HFHS diet consumption changed PFC microglia density and morphology

Microglia undergo extensive morphological restructuring in response to exogenous and endogenous environmental events that may underlie central nervous system dysfunction⁵². Microglia were immunostained with ionized calcium binding adaptor molecule-1 (IBA-1) and fluorescent intensity and morphology was assessed. Overall, adult mice had greater PFC microglial density compared to adolescents (Fig. 4A,B, main effects of age PrL: F(1,27) = 51.07, p < 0.001, IL: F(1,27) = 83.18, p < 0.001, OFC: F(1,27) = 75.08, p < 0.001). HFHS diet evoked changes to microglia density that differed across age groups—HFHS diet increased IBA-1 density in adult but not adolescent mice in the PrL (diet × age: F(1,27) = 6.91, p = 0.025, simple main effect of diet the adult group F(1,27) = 4.704, p = 0.039, but not adolescent F(1,27) = 1.462, p = 0.237), but not in the IL (diet × age: F(1,27) = 3.0, p = 0.095) and OFC (diet × age: F(1,27) = 4.059, p = 0.054).

Figure 4.

HFHS diet-evoked changes to PFC microglia density and morphology.

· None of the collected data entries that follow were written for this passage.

(* If $K\subset L^1$ is uniformly integrable, then its closed convex hull in $L^1$ is also uniformly integrable.
   Context: $(\Omega,\mathcal F)$ is a measurable space, $\mathcal H$ a linear space of $\mathcal F$-measurable real functions containing the constants, closed under $X\mapsto|X|$ and $X\mapsto I_AX$ ($A\in\mathcal F$), and $\mathcal E:\mathcal H\to\mathbb R$ is a sublinear expectation (monotone, constant preserving, subadditive, positively homogeneous) with the monotone continuity property ($X_i\downarrow 0$ pointwise implies $\mathcal E(X_i)\to0$). $\|X\|_1:=\mathcal E(|X|)$ and $L^1$ is the completion of $\{X\in\mathcal H:\|X\|_1<\infty\}$ under this seminorm modulo null elements. A set $K\subset L^1$ is uniformly integrable if $\sup_{X\in K}\mathcal E(I_{\{|X|\ge c\}}|X|)\to0$ as $c\to\infty$. *)

From Stdlib Require Import Reals Lra Classical ClassicalEpsilon.
Open Scope R_scope.

Record sigma_algebra {Omega : Type} (F : (Omega -> Prop) -> Prop) : Prop := {
  sa_full : F (fun _ => True);
  sa_compl : forall A, F A -> F (fun w => ~ A w);
  sa_union : forall A : nat -> Omega -> Prop,
      (forall n, F (A n)) -> F (fun w => exists n, A n w)
}.

Definition measurable {Omega : Type} (F : (Omega -> Prop) -> Prop)
  (X : Omega -> R) : Prop := forall a : R, F (fun w => X w <= a).

Definition indic {Omega : Type} (A : Omega -> Prop) (X : Omega -> R) : Omega -> R :=
  fun w => if excluded_middle_informative (A w) then X w else 0.
Definition normc : Cplx := Cmul (RtoC (INR (fact k))) (Cpow om k).
Definition weight (x : R) : Cplx := Cdiv (Cexp (Cmul l0 (RtoC (x - a)))) normc.

Definition cofactor_a (x : R) : Cplx := Cmul (weight x) (Cpow (qb x) (n - k)).
Definition cofactor_b (x : R) : Cplx := Cmul (weight x) (Cpow (ua x) k).

Lemma pnk_factor_a : pnk l0 om a b n k = fun x => Cmul (Cpow (ua x) k) (cofactor_a x).
Proof. extensionality x; unfold pnk, cofactor_a, weight, ua, qb, normc, denom, Cdiv; ring. Qed.

Lemma pnk_factor_b : pnk l0 om a b n k = fun x => Cmul (Cpow (qb x) (n - k)) (cofactor_b x).
Proof. extensionality x; unfold pnk, cofactor_b, weight, ua, qb, normc, denom, Cdiv; ring. Qed.

Lemma normc_neq0 : normc <> Czero.
Proof. apply Cmul_neq0; [apply RtoC_neq0, INR_fact_neq_0 | apply Cpow_neq0, Hom]. Qed.

(** [e^{om(a-b)} <> 1], since [e^{om(b-a)} e^{om(a-b)} = 1]. *)
Lemma denom_neq0 : denom <> Czero.
Proof.
  intro E; apply Hexp.
  assert (Hab : Cexp (Cmul om (RtoC (a - b))) = Cone).
  { replace Cone with (Csub Cone denom) by (rewrite E; ring); unfold denom; ring. }
  replace (Cexp (Cmul om (RtoC (b - a))))
    with (Cmul (Cexp (Cmul om (RtoC (b - a)))) (Cexp (Cmul om (RtoC (a - b)))))
    by (rewrite Hab; ring).
  rewrite <- Cexp_add, <- (Cexp_shift_self om a); f_equal.
  rewrite !RtoC_sub; ring.
Qed.

Lemma weight_neq0 x : weight x <> Czero.
Proof. apply Cmul_neq0; [apply Cexp_neq0 | apply Cinv_neq0, normc_neq0]. Qed.

Lemma ua_at_a : ua a = Czero.
Proof. unfold ua; rewrite Cexp_shift_self; ring. Qed.

Lemma ua'_at_a : ua' a = om.
Proof. unfold ua'; rewrite Cexp_shift_self; ring. Qed.

Lemma ua_at_b : ua b <> Czero.
Proof.
  unfold ua; intro E; apply Hexp.
  replace (Cexp (Cmul om (RtoC (b - a))))
    with (Cadd (Csub (Cexp (Cmul om (RtoC (b - a)))) Cone) Cone) by ring.
  rewrite E; ring.
Qed.

Lemma qb_at_a : qb a = Cone.
Proof. unfold qb; fold denom; field; exact denom_neq0. Qed.

Lemma qb_at_b : qb b = Czero.
Proof. unfold qb, Cdiv; rewrite Cexp_shift_self; ring. Qed.

Lemma qb'_at_b : qb' b <> Czero.
Proof.
  unfold qb', Cdiv; rewrite Cexp_shift_self.
  apply Cmul_neq0; [| apply Cinv_neq0, denom_neq0].
  replace (Copp (Cmul om Cone)) with (Cmul (Copp Cone) om) by ring.
  apply Cmul_neq0; [intro E; injection E; lra | exact Hom].
Qed.

Lemma has_deriv_ua : has_deriv ua ua'.
Proof.
  eapply has_deriv_ext;
    [| | exact (has_deriv_add _ _ _ _ (has_deriv_shifted_Cexp om a)
                                      (has_deriv_const (Copp Cone)))];
  intro x; unfold ua, ua', Csub; [reflexivity | ring].
Qed.

Lemma has_deriv_qb : has_deriv qb qb'.
Proof.
  eapply has_deriv_ext;
    [| | exact (has_deriv_mul _ _ _ _
                  (has_deriv_add _ _ _ _ (has_deriv_const Cone)
                     (has_deriv_scal (Copp Cone) _ _ (has_deriv_shifted_Cexp om b)))
                  (has_deriv_const (Cinv denom)))];
  intro x; unfold qb, qb', Cdiv, Csub; ring.
Qed.

Lemma ua_exp_sum : exp_sum (arith_prog om Czero 1) ua.
Proof.
  apply exp_sum_sub;
  [apply exp_sum_exp, arith_prog_step | apply exp_sum_const, arith_prog_start].
Qed.

Lemma qb_exp_sum : exp_sum (arith_prog om Czero 1) qb.
Proof.
  apply exp_sum_scal_r, exp_sum_sub;
  [apply exp_sum_const, arith_prog_start | apply exp_sum_exp, arith_prog_step].
Qed.

Lemma weight_exp_sum : exp_sum (arith_prog om l0 0) weight.
Proof. apply exp_sum_scal_r, exp_sum_exp, arith_prog_start. Qed.

(** [p_{n,k}] has frequencies [l0 + j om], [j <= k + (n - k) = n]: it lies in
    [E_(l0, ..., l0 + n om)]. *)
Lemma pnk_in_E : in_E (lams l0 om n) (pnk l0 om a b n k).
Proof.
  apply in_E_of_exp_sum; eapply exp_sum_weaken; [intro mu; apply arith_prog_lams |].
  rewrite pnk_factor_a.
  refine (exp_sum_mul (arith_prog om Czero k) (arith_prog om l0 (n - k)) _ _ _ _
            (exp_sum_pow_prog _ _ _ ua_exp_sum) _);
    [intros mu nu; apply arith_prog_add; [ring | lia] |].
  refine (exp_sum_mul _ _ _ _ _ _ weight_exp_sum (exp_sum_pow_prog _ _ _ qb_exp_sum));
  intros mu nu; apply arith_prog_add; [ring | lia].
Qed.

Lemma ua'_exp_sum : any_exp_sum ua'.
Proof. apply exp_sum_scal, exp_sum_exp; exact I. Qed.
(* Let $\sigma = 2$. For every Parikh vector $P \in \mathbb{N}_0^{2}$ and every word $w \in \Sigma^{*|_P}$, there exists a Hamiltonian path in the configuration graph $G(P)$ starting at $w$.
   Context: Alphabet $\Sigma = \{1,2\}$. For $P \in \mathbb{N}_0^2$, $n := P[1]+P[2]$ and $\Sigma^{*|_P}$ is the set of words of length $n$ with exactly $P[1]$ occurrences of $1$ and $P[2]$ occurrences of $2$. For a word $w$ and $i\neq j$ with $w[i]\neq w[j]$, the 2-swap $w\circ(i,j)$ exchanges the symbols at positions $i$ and $j$. The configuration graph $G(P)$ has vertex set $\Sigma^{*|_P}$ and an edge $\{w,u\}$ whenever $u = w\circ(i,j)$ for some 2-swap. A Hamiltonian path starting at $w$ is a path beginning at $w$ that visits every vertex exactly once. *)

From mathcomp Require Import all_boot.
Set Implicit Arguments. Unset Strict Implicit. Unset Printing Implicit Defensive.

(* Alphabet Sigma = {1,2}; words are sequences of naturals over {1,2}.
   A Parikh vector P in N_0^2 is a pair (P[1], P[2]). *)

(* w belongs to Sigma^{*|_P}: length P[1]+P[2], exactly P[1] ones and P[2] twos
   (this forces every letter to be 1 or 2). *)
Definition in_words (P : nat * nat) (w : seq nat) : Prop :=
  size w = P.1 + P.2 /\ count_mem 1 w = P.1 /\ count_mem 2 w = P.2.

Definition swap2 (w : seq nat) (i j : nat) : seq nat :=
  set_nth 0 (set_nth 0 w i (nth 0 w j)) j (nth 0 w i).

Definition swap_adj (w u : seq nat) : Prop :=
  exists i j, i < size w /\ j < size w /\ i <> j /\
              nth 0 w i <> nth 0 w j /\ u = swap2 w i j.

Definition G_edge (P : nat * nat) (w u : seq nat) : Prop :=
  in_words P w /\ in_words P u /\ swap_adj w u.

Definition hamiltonian_path_from (P : nat * nat) (w : seq nat) (p : seq (seq nat)) : Prop :=
  p <> [::] /\ head [::] p = w /\ uniq p /\
  (forall u, u \in p -> in_words P u) /\
  (forall u, in_words P u -> u \in p) /\
  (forall k, k.+1 < size p -> G_edge P (nth [::] p k) (nth [::] p k.+1)).

From mathcomp Require Import all_boot.
From mathcomp Require Import zify.
Set Implicit Arguments. Unset Strict Implicit. Unset Printing Implicit Defensive.

(* If one letter is absent,
   G(P) has a single vertex.  Otherwise the vertices split according to their
   first letter: the words c::u with u of Parikh vector P - c, and the words
   d::u with u of Parikh vector P - d, where {c, d} = {1, 2} and c is the first
   letter of w.  By induction the tail of w starts a Hamiltonian path of the
   first block; its last vertex x contains the letter d, say x = x1 ++ d :: x2,
   and swapping the first letter of c :: x with that d jumps to the vertex
   d :: x1 ++ c :: x2 of the second block, from which a second inductive path
   covers that block. *)

Section HamiltonianPaths.

Variables (T : eqType) (e : T -> T -> Prop).

Fixpoint epath (x : T) (q : seq T) : Prop :=
  if q is y :: q' then e x y /\ epath y q' else True.

Lemma epath_cat x q1 q2 :
  epath x (q1 ++ q2) <-> epath x q1 /\ epath (last x q1) q2.
Proof.
elim: q1 x => [|y q1 IHq] x /=; first by split=> [|[]].
by rewrite IHq; split=> [[? []]|[[? ?] ?]].
Qed.

Lemma epath_nth x0 x q k :
  epath x q -> k < size q -> e (nth x0 (x :: q) k) (nth x0 (x :: q) k.+1).
Proof.
elim: q x k => [|y q IHq] x [|k] //= [exy pq] ltk; first exact: exy.
exact: IHq.
Qed.

Lemma epath_map (f : T -> T) x q :
  (forall u v, e u v -> e (f u) (f v)) -> epath x q -> epath (f x) (map f q).
Proof.
move=> fe; elim: q x => [|y q IHq] x //= [exy pq].
by split; [apply: fe | apply: IHq].
Qed.

Definition ham_path (V : T -> Prop) (w : T) (q : seq T) : Prop :=
  [/\ uniq (w :: q), forall u, V u <-> u \in w :: q & epath w q].

Lemma ham_path_last V w q : ham_path V w q -> V (last w q).
Proof. by case=> _ memV _; apply/memV; apply: mem_last. Qed.

Lemma ham_path_single V w : (forall u, V u <-> u = w) -> ham_path V w [::].
Proof. by move=> Vw; split=> // u; rewrite Vw inE; split=> /eqP. Qed.

Lemma ham_path_ext V V' w q :
  (forall u, V u <-> V' u) -> ham_path V w q -> ham_path V' w q.
Proof. by move=> VV' [uq memV pq]; split=> // u; rewrite -VV'. Qed.

Definition image_set (f : T -> T) (V : T -> Prop) (u : T) : Prop :=
  exists u', u = f u' /\ V u'.

Lemma ham_path_map (f : T -> T) V w q :
  injective f -> (forall u v, e u v -> e (f u) (f v)) ->
  ham_path V w q -> ham_path (image_set f V) (f w) (map f q).
Proof.
move=> inj_f fe [uq memV pq]; split; last exact: epath_map.
  by rewrite -map_cons map_inj_uniq.
move=> u; rewrite -map_cons; split.
  by case=> u' [-> /memV Vu']; apply: map_f.
by case/mapP=> u' /memV Vu' ->; exists u'.
Qed.

Lemma ham_path_cat V1 V2 w1 q1 w2 q2 :
  ham_path V1 w1 q1 -> ham_path V2 w2 q2 ->
  (forall u, V1 u -> V2 u -> False) -> e (last w1 q1) w2 ->
  ham_path (fun u => V1 u \/ V2 u) w1 (q1 ++ w2 :: q2).
Proof.
move=> [uq1 mem1 pq1] [uq2 mem2 pq2] disj12 join.
split; last by apply/epath_cat.
- rewrite -cat_cons cat_uniq uq1 uq2 andbT.
  by apply/hasPn=> u /mem2 V2u; apply/negP=> /mem1 V1u; apply: (disj12 u).
- by move=> u; rewrite -cat_cons mem_cat mem1 mem2; split=> /orP.
Qed.

End HamiltonianPaths.

Lemma swap_adj_cons c u v : swap_adj u v -> swap_adj (c :: u) (c :: v).
Proof.
case=> i [j [ltiw [ltjw [neij [neq ->]]]]].
by exists i.+1, j.+1; do !split=> //; case.
Qed.

Lemma ham_path_cons c V w q :
  ham_path swap_adj V w q ->
  ham_path swap_adj (image_set (cons c) V) (c :: w) (map (cons c) q).
Proof. by apply: ham_path_map; [move=> u v [] | apply: swap_adj_cons]. Qed.

Lemma swap_adj_front c d x1 x2 :
  c <> d -> swap_adj (c :: x1 ++ d :: x2) (d :: x1 ++ c :: x2).
Proof.
have nth_mid (s : seq nat) y : nth 0 (s ++ y :: x2) (size s) = y by elim: s.
have set_mid (s : seq nat) y z : set_nth 0 (s ++ y :: x2) (size s) z = s ++ z :: x2.
  by elim: s => //= x s ->.
move=> necd; exists 0, (size x1).+1; rewrite /= size_cat /= nth_mid.
split=> //; split; first lia.
do 2!split=> //.
by rewrite /swap2 /= nth_mid set_mid.
Qed.

Lemma in_words_perm P u v : perm_eq u v -> in_words P u -> in_words P v.
Proof.
move=> puv [su [c1 c2]]; rewrite /in_words -(perm_size puv).
by rewrite -!(permP puv).
Qed.

Lemma in_words_unique a b u v :
  (a = 0 \/ b = 0) -> in_words (a, b) u -> in_words (a, b) v -> u = v.
Proof.
have const (x n : nat) s : size s = n -> count_mem x s = n -> s = nseq n x.
  by move=> <- cs; apply/all_pred1P; rewrite all_count cs.
case=> -> [/= su [c1u c2u]] [/= sv [c1v c2v]].
  by rewrite (const 2 b u) // (const 2 b v).
by rewrite addn0 in su sv; rewrite (const 1 a u) // (const 1 a v).
Qed.

Lemma ham_path_constant a b w : (a = 0 \/ b = 0) -> in_words (a, b) w ->
  ham_path swap_adj (in_words (a, b)) w [::].
Proof.
move=> ab0 Ww; apply: ham_path_single => u.
by split=> [Wu|->//]; apply: in_words_unique Wu Ww.
Qed.

Lemma in_words_first a b u : 0 < a -> 0 < b ->
  in_words (a, b) u <->
  image_set (cons 1) (in_words (a.-1, b)) u \/
  image_set (cons 2) (in_words (a, b.-1)) u.
Proof.
have letters s : count_mem 1 s + count_mem 2 s <= size s.
  by elim: s => //= x s; case: eqP; case: eqP; lia.
move=> a_gt0 b_gt0; split.
  case: u => [|c u] [/= su [c1 c2]]; first lia.
  have := letters u; move: c1 c2.
  case: (eqVneq c 1) => [-> /= c1 c2 _|ne1].
    by left; exists u; split=> //; rewrite /in_words /=; lia.
  case: (eqVneq c 2) => [-> /= c1 c2 _|ne2].
    by right; exists u; split=> //; rewrite /in_words /=; lia.
  by move=> /= c1 c2; lia.
by case=> -[u' [-> [/= su [c1 c2]]]]; rewrite /in_words /=; lia.
Qed.

(* The induction step, stated symmetrically in the two letters: if V splits
   into the blocks c::Vc and d::Vd, is closed under permutation and all its
   words contain d, then a Hamiltonian path of Vc from w, prefixed by c and
   followed by a front swap into the block d::Vd, extends to a Hamiltonian
   path of V from c::w, provided every word of Vd starts such a path. *)
Lemma ham_path_extend (V Vc Vd : seq nat -> Prop) c d w q1 :
  c <> d ->
  (forall u, V u <-> image_set (cons c) Vc u \/ image_set (cons d) Vd u) ->
  (forall u v, perm_eq u v -> V u -> V v) ->
  (forall u, V u -> d \in u) ->
  (forall y, Vd y -> exists q, ham_path swap_adj Vd y q) ->
  ham_path swap_adj Vc w q1 ->
  exists q, ham_path swap_adj V (c :: w) q.
Proof.
move=> necd splitV permV hasd hamVd hamc.
set x := last w q1.
have Vcx : V (c :: x).
  by apply/splitV; left; exists x; split=> //; apply: ham_path_last hamc.
have [x1 [x2 def_x]] : exists x1 x2, x = x1 ++ d :: x2.
  have /splitPr[x1 x2] : d \in x.
    by have := hasd _ Vcx; rewrite inE => /predU1P[/esym|].
  by exists x1, x2.
have Vdy : Vd (x1 ++ c :: x2).
  have Vswap : V (d :: x1 ++ c :: x2).
    apply: permV Vcx; rewrite def_x; apply/permP=> p.
    by rewrite /= !count_cat /=; lia.
  case/splitV: Vswap => -[u [eq_u Vu]]; case: eq_u; last by move=> ->.
  by move=> /esym/necd.
have [q2 hamd] := hamVd _ Vdy.
exists (map (cons c) q1 ++ (d :: x1 ++ c :: x2) :: map (cons d) q2).
apply: ham_path_ext (fun u => iff_sym (splitV u)) _.
apply: ham_path_cat (ham_path_cons c hamc) (ham_path_cons d hamd) _ _.
- by move=> u [u1 [-> _]] [u2 [[]]].
- by rewrite last_map -/x def_x; apply: swap_adj_front.
Qed.

Lemma in_words_mem a b u : in_words (a, b) u ->
  (0 < a -> 1 \in u) /\ (0 < b -> 2 \in u).
Proof. by case=> _ [/= c1 c2]; rewrite -!has_pred1 !has_count c1 c2. Qed.

Lemma words_ham_path n a b w : a + b = n -> in_words (a, b) w ->
  exists q, ham_path swap_adj (in_words (a, b)) w q.
Proof.
elim: n a b w => [|n IHn] a b w sum_ab Ww.
  by exists [::]; apply: ham_path_constant Ww; lia.
have [ab0|[a_gt0 b_gt0]] : (a = 0 \/ b = 0) \/ (0 < a /\ 0 < b) by lia.
  by exists [::]; apply: ham_path_constant Ww.
have split_ab := in_words_first _ a_gt0 b_gt0.
have perm_ab u v : perm_eq u v -> in_words (a, b) u -> in_words (a, b) v.
  exact: in_words_perm.
case/split_ab: (Ww) => -[w' [-> Ww']].
- have [q1 ham1] := IHn _ _ _ (ltac:(lia) : a.-1 + b = n) Ww'.
  apply: (ham_path_extend (c := 1) (d := 2) _ split_ab perm_ab _ _ ham1) => //.
  + by move=> u /in_words_mem [_ /(_ b_gt0)].
  + by move=> y; apply: IHn; lia.
- have [q1 ham1] := IHn _ _ _ (ltac:(lia) : a + b.-1 = n) Ww'.
  have split_ba u := iff_trans (split_ab u) (or_comm _ _).
  apply: (ham_path_extend (c := 2) (d := 1) _ split_ba perm_ab _ _ ham1) => //.
  + by move=> u /in_words_mem [/(_ a_gt0) ? _].
  + by move=> y; apply: IHn; lia.
Qed.

Lemma ham_path_hamiltonian P w q :
  ham_path swap_adj (in_words P) w q -> hamiltonian_path_from P w (w :: q).
Proof.
case=> uq memP pq; have inP u : u \in w :: q -> in_words P u by move/memP.
do 5!split=> //; first by move=> u /memP.
move=> k lt_k; have lt_k' : k < size (w :: q) by apply: ltnW.
split; [exact/inP/mem_nth | split; first exact/inP/mem_nth].
by rewrite !(set_nth_default w) //; apply: epath_nth.
Qed.

Theorem theorem2 (P : nat * nat) (w : seq nat) :
  in_words P w -> exists p : seq (seq nat), hamiltonian_path_from P w p.
Proof.
case: P => a b Ww.
have [q ham] := words_ham_path (erefl (a + b)) Ww.
by exists (w :: q); apply: ham_path_hamiltonian.
Qed.
Definition comb (n : nat) (x : nat -> nat -> ps K) : ps K :=
  \big[@psadd K/ps0 K]_(k < N.+1 | (k <= n)%N)
     \big[@psadd K/ps0 K]_(j < t k) psmul (x k j) (basis k j).

Lemma comb_eval n x s : comb n x s =
  (\sum_(k < N.+1 | (k <= n)%N) \sum_(j < t k) psmul (x k j) (basis k j) s)%R.
Proof. by rewrite /comb big_psadd_eval; apply: eq_bigr => k _; rewrite big_psadd_eval. Qed.

Lemma basis_mpow k j : j < t k -> ideal_pow SR mSR k (basis k j).
Proof.
move=> hj; have [_ hk] := level_elt_spec hj; apply: (supp_mpow a_gt0).
by apply: supp_psX; have := mord_apery a d (level_elt a k j) 0; rewrite hk !addn0.
Qed.

Lemma basis_shift_inj n k j k' j' : j < t k -> j' < t k' ->
  apery a d (level_elt a k j) + (n - k) * a = apery a d (level_elt a k' j') + (n - k') * a ->
  (k, j) = (k', j').
Proof.
move=> hj hj' e; have [hi _] := level_elt_spec hj; have [hi' _] := level_elt_spec hj'.
by have [-> ->] := level_elt_inj hj hj' (apery_inj cop_ad hi hi' e).
Qed.

Lemma mord_exact_basis n s : mord_ge a d n s -> ~ mord_ge a d n.+1 s ->
  exists k j, [/\ k <= N, k <= n, j < t k & s = apery a d (level_elt a k j) + (n - k) * a].
Proof.
move=> hs hns; have [i [q [hi -> hn]]] := mord_exact cop_ad a_ge7 hs hns.
have [j hj ej] := level_elt_surj hi.
exists (level i), j; rewrite ej; split=> //; [exact: level_bound | lia | congr (_ + _ * a); lia].
Qed.

(* Surjectivity in degree n: g in m^n agrees modulo m^(n+1) with the
   combination whose (k,j)-coefficient is g_(w_(k,j) + (n-k) a) t^((n-k) a). *)
Lemma comb_surj n g : ideal_pow SR mSR n g ->
  exists x, (forall k j, k <= N -> k <= n -> j < t k -> ideal_pow SR ISR (n - k) (x k j)) /\
            ideal_pow SR mSR n.+1 (pssub g (comb n x)).
Proof.
move=> hg.
pose c k j := g (apery a d (level_elt a k j) + (n - k) * a).
exists (fun k j => psmon ((n - k) * a) (c k j)); split.
  by move=> k j _ _ _; apply: (supp_Ipow a_gt0); apply: supp_psmon; exact: in_shift_base.
apply: (supp_mpow a_gt0) => s hs; apply: NNPP => hns; move: hs; apply/negP; rewrite negbK.
rewrite /pssub /psadd /psopp comb_eval subr_eq0.
under eq_bigr => k _ do under eq_bigr => j _ do rewrite psmon_mulX.
case: (g s =P 0%R) => [gs0|/eqP /(mpow_supp hg) hs].
  rewrite gs0 big1 // => k _; rewrite big1 // => j _.
  by case: eqP => // e; rewrite /c -e gs0.
have [k0 [j0 [hk0 hkn hj0 es]]] := mord_exact_basis hs hns.
pose F k j := if s == apery a d (level_elt a k j) + (n - k) * a then c k j else 0%R.
rewrite (sum2_pick (F := F) hk0 hkn hj0) /F ?es ?eqxx // => k j _ _ hj ne.
case: eqP => // e; case/eqP: ne; exact: basis_shift_inj hj hj0 (esym e).
Qed.
(* Let $ABC$ be a triangle with incenter $I$ and orthocenter $H$, and let $H_A, H_B, H_C$ be the orthocenters of the triangles $BIC$, $CIA$, $AIB$ respectively. Let $O_A, O_B, O_C$ be the circumcenters of the triangles $AH_BH_C$, $BH_CH_A$, $CH_AH_B$ respectively. Then $H$ is the orthocenter of triangle $O_AO_BO_C$, and $I$ is the Euler reflection point of triangle $O_AO_BO_C$.
   Context: The Euler reflection point of a (non-equilateral) triangle is the common point of the reflections of its Euler line in the three sidelines of the triangle. *)

From HB Require Import structures.
From mathcomp Require Import all_boot all_order all_algebra.
Set Implicit Arguments. Unset Strict Implicit. Unset Printing Implicit Defensive.
Import Order.TTheory GRing.Theory Num.Theory.
Local Open Scope ring_scope.

Section Geometry.
Variable R : rcfType.
Definition point := (R * R)%type.

Definition padd (P Q : point) : point := (P.1 + Q.1, P.2 + Q.2).
Definition psub (P Q : point) : point := (P.1 - Q.1, P.2 - Q.2).
Definition pscale (k : R) (P : point) : point := (k * P.1, k * P.2).
Definition dot (u v : point) : R := u.1 * v.1 + u.2 * v.2.
Definition cross (u v : point) : R := u.1 * v.2 - u.2 * v.1.
Definition dist2 (P Q : point) : R := dot (psub P Q) (psub P Q).
Definition dist (P Q : point) : R := Num.sqrt (dist2 P Q).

Mice in the adult cohort had a significantly greater (A,B) IBA-1 fluorescence in all three prefrontal subregions. Consumption of the HFHS diet evoked a selective increase (A,B) in IBA-1 density in the PrL cortex in the adult cohort. Mice that consumed HFHS diet across adolescence had proportionally fewer (C,D) ramified ‘resting’ microglia in all three regions and more hypertrophied ‘active’ microglia in the PrL and OFC. In contrast, no diet-related changes (C,E) in PFC microglia morphology was seen in mice that consumed HFHS diet as adults. Data were assessed using two-way ANOVAs and *p < 0.05, **p < 0.01, ***p < 0.001, ****p < 0.0001. Representative photomicrographs were taken at 40X magnification (green—IBA-1 + microglia), scale bars show 50 μm for IBA-1 + density and 10 μm for IBA-1 + morphology.

Microglia can be visually classified using morphological characteristics that align to functional phenotypes⁴⁷. As such, microglia were classified into one of three morphological states: (a) ramified microglia were defined as having multiple radially projecting processes and an oval cell body, (b) hypertrophied microglia, which were classified by their enlarged darkened soma and shorter, thicker, and less branched processes, and (c) amoeboid microglia, where are defined as having densely stained, enlarged cell bodies with few short, if any, processes (Fig. 4C). Hypertrophied and amoeboid morphologies reflect activated states often seen in obesity⁵³, whereas ramification reflects a resting, or surveillance state.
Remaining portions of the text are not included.